■ PROBLEM TO WORK ON
In the entries below, which lines run from the one containing "Set Implicit Arguments. Unset" to the one containing "Local Open Scope ring_scope."? Copy exactly those lines, ends included, and no others.

Dataset entries
Start of Block
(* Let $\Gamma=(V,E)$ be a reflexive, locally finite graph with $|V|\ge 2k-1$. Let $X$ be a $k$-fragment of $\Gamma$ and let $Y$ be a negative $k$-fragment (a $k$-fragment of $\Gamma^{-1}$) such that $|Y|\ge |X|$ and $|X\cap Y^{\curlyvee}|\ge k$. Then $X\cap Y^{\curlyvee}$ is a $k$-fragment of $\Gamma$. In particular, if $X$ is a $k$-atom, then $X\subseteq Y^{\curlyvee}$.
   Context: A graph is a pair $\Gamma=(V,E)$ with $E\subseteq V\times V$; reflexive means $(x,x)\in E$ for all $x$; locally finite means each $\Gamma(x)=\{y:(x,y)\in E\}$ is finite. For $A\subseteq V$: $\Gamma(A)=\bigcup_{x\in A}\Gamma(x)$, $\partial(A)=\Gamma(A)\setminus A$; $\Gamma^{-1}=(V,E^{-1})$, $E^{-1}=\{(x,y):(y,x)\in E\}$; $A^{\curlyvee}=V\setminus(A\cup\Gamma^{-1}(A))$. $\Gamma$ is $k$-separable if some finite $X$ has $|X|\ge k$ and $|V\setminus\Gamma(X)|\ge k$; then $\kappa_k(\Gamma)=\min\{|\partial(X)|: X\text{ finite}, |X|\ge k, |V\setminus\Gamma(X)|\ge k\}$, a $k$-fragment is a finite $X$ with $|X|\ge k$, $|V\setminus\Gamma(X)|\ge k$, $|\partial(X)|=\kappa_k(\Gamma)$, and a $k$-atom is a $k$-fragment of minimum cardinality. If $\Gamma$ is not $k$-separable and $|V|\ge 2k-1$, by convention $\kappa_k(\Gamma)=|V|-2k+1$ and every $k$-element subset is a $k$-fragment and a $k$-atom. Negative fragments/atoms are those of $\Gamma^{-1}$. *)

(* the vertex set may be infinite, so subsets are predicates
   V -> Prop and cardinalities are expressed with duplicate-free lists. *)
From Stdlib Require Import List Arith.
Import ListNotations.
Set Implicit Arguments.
End of Block
Start of Block
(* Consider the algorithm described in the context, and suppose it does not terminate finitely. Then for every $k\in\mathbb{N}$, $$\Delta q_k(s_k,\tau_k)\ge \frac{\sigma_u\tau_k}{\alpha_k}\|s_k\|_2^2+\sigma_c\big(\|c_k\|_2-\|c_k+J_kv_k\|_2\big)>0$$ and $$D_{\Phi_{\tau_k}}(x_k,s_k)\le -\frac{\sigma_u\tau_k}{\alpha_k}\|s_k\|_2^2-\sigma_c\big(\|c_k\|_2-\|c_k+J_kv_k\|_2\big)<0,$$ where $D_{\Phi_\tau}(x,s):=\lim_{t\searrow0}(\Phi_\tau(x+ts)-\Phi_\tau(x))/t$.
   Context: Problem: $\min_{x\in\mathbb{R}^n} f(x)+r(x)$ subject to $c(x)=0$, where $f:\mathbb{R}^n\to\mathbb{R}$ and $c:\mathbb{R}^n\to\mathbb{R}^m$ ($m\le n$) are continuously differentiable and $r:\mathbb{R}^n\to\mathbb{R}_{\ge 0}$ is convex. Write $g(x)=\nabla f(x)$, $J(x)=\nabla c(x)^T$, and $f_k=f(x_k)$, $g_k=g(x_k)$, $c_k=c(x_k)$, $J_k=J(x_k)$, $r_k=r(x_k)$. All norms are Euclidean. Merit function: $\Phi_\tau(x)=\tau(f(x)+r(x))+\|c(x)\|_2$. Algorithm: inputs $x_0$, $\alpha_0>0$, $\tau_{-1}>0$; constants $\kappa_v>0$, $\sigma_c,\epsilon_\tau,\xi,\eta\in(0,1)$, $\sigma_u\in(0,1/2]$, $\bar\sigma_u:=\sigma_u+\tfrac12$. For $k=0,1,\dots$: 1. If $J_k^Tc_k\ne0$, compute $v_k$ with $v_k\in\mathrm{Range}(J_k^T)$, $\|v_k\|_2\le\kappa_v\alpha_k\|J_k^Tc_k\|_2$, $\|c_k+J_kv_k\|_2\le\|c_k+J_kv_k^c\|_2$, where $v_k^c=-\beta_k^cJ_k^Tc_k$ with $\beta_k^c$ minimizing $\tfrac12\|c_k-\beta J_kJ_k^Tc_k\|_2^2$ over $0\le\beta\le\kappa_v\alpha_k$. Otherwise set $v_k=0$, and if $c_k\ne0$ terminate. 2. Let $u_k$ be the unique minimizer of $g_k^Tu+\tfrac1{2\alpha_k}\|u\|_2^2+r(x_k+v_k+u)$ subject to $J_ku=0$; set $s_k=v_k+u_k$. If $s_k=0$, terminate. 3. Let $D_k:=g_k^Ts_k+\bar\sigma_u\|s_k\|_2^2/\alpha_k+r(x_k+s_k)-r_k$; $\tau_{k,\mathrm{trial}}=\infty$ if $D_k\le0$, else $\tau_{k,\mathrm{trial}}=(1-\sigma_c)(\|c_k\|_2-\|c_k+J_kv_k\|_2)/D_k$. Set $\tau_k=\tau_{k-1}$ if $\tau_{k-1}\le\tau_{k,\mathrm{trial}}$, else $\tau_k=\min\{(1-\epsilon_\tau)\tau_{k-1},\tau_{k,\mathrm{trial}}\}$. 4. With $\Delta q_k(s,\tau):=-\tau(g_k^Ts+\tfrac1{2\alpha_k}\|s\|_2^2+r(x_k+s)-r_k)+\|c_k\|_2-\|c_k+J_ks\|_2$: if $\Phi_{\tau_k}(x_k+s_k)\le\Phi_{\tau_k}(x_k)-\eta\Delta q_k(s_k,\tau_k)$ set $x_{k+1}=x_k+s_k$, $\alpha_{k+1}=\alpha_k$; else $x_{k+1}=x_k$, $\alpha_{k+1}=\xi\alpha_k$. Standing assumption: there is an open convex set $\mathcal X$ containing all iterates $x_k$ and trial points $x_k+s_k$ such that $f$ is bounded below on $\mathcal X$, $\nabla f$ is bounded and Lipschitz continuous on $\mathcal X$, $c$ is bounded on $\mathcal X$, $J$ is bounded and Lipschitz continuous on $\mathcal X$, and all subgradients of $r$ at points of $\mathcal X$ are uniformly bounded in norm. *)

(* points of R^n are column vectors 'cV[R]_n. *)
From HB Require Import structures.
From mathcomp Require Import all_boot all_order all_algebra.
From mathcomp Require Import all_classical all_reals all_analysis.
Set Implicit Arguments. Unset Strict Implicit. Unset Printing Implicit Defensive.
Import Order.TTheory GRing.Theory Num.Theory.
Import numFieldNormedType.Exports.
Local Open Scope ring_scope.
End of Block
■ RESPONSE TO THIS TASK
Set Implicit Arguments. Unset Strict Implicit. Unset Printing Implicit Defensive.
Import Order.TTheory GRing.Theory Num.Theory.
Import numFieldNormedType.Exports.
Local Open Scope ring_scope.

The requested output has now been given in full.